Please correct me if I'm wrong, but it seems like you don't understand my criticism of Hartgerink (2015). It's possible that you instead disagree with it, but you have not yet offered any reasoning. I am arguing:
1. To paraphrase, I think that your previous paper says: "The p-value data mined by Head et al has lots of spikes in it due to data rounding [Head et al were well aware of this]. Therefore, one needs to be careful that the rounded data do not cause issues [Head et al dealt with this by excluding all the rounded data]. Hartgerink (2015) did a new analysis which INCLUDES the tainted, rounded data, which is different to Head et al's analysis which EXCLUDES the tainted data [this confuses me, because you just argued that one should not include rounded data]. Hartgerink (2015) concludes that because it results are different, Head et al's results are not robust". Is that about right?

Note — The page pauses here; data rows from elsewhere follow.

(* By the tower property, E<b_k, θ_k - θ*> is the expected gap between the
   one-step quantity Φ(θ_k, O_k) := <g(θ_k, O_k), θ_k - θ*> and its stationary
   average.  Freeze the parameter at an earlier time j: θ_k - θ_j is bounded by
   Σ_{j<=i<k} η_i ℓ_i and Φ is Lipschitz in θ with constant ℓ_k + 2φ²d_j, so
   replacing θ_k by θ_j costs twice their product.  With θ_j frozen, the Markov
   property turns the remaining gap into an integral against P^{k-j}(s_j,·) - π
   of a function bounded by ℓ_j d_j, which the mixing bound controls by
   2Cα^{k-j} ℓ_j d_j.  Choosing j = 0 for k <= u_t and j = k - u_t otherwise,
   where Cα^{u_t} <= 1/√t, and summing against the step sizes gives the four
   terms. *)

Section EuclideanRow.
Variables (R : realType) (d : nat).
Implicit Types (u v w : 'rV[R]_d).

Lemma vdotC u v : vdot u v = vdot v u.
Proof. by apply: eq_bigr => i _; rewrite mulrC. Qed.

Lemma vdotDl u v w : vdot (u + v) w = vdot u w + vdot v w.
Proof. by rewrite /vdot -big_split; apply: eq_bigr => i _; rewrite mxE mulrDl. Qed.

Lemma vdotZl (a : R) u v : vdot (a *: u) v = a * vdot u v.
Proof. by rewrite /vdot mulr_sumr; apply: eq_bigr => i _; rewrite mxE mulrA. Qed.

Lemma vdotBl u v w : vdot (u - v) w = vdot u w - vdot v w.
Proof. by rewrite vdotDl -scaleN1r vdotZl mulN1r. Qed.

Lemma vdotDr u v w : vdot w (u + v) = vdot w u + vdot w v.
Proof. by rewrite vdotC vdotDl !(vdotC w). Qed.

Lemma vdotZr (a : R) u v : vdot v (a *: u) = a * vdot v u.
Proof. by rewrite vdotC vdotZl vdotC. Qed.

Lemma vdotBr u v w : vdot w (u - v) = vdot w u - vdot w v.
Proof. by rewrite vdotC vdotBl !(vdotC w). Qed.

2. I think Hartgerink (2015) is wrong: that paper fully acknowledges that the rounded data should not be used, then it uses them anyway, and then (without any justification that I can see) it conclude that its reanalysis is preferable to Head et al.'s original one. Please let me know if you think otherwise, I'm keen to know if my assessment was wrong.
3. To repeat myself: another reason to think that Head et al is robust is that Bishop and Thompson (whom you cite) did another reanalysis of Head et al's dataset. They used an even more extreme data-cleaning approach than Head et al: they threw out every single paper in which there was at least one rounded p-value. They found essentially identical results to Head et al, which suggests that improper treatment of rounded p-values did not lead Head et al to a spurious result. How could it, if one gets the same result in a dataset that is totally free of rounded data?
4. Given points 2 and 3, I believe that Hartgerink (2015) does not call Head et al.'s results into question. Therefore, I think you should remove this reference from the present paper (and perhaps amend Hartgerink 2015, which is self-published and thus still open to edits). Alternatively, you could respond to my criticisms if you think I am wrong.
For the third time, my point is: your new PeerJ pre-print relies on a citation to a self-published, non-peer-reviewed Authorea paper (or rather, a paper that was rejected following peer review for the very reason I am outlining here, plus some others). You did not respond to my comment on your Authorea paper (see here: https://www.authorea.com/users/2013/articles/31568/showarticle), and you are not responding here either. This leads me to think that you have no rebuttal, and if that is the case then don't you think you think you should remove the sentence from your PeerJ prepint where you argue that Head et al is confounded? Alternatively you should convincingly defend the claims in your Authorea paper, either here on the Authorea website. Given that your Authorea manuscript is not peer-reviewed and seems to have a big error, I don't think you should reference it in this Preprint.
Thanks for revising the MS. I was not aiming to start a long argument, but presumably you can see why I feel it's not appropriate to criticise the Head et al. paper via a reference to a non-peer-reviewed paper. This is particularly true because I believe Chris' paper is debunked by my comments on it (repeated above) - he has never responded to these comments, making me think I may well be right, and his re-analysis does not discredit Head et al after all.
You wrote here "Chris Hartgerink told me he replied to your concerns more than once in the response to the reviews of Hartgerink (2015)." I invite you to read the comments on Chris' article: You will see that there are only 3: one from Bishop, one from Chris replying to Bishop, and my comment. There is no reply from Chris to me, let alone multiple replies as Chris appears to have told you. Here's the link: https://www.authorea.com/users/2013/articles/31568
Any idea where Chris' comments ended up?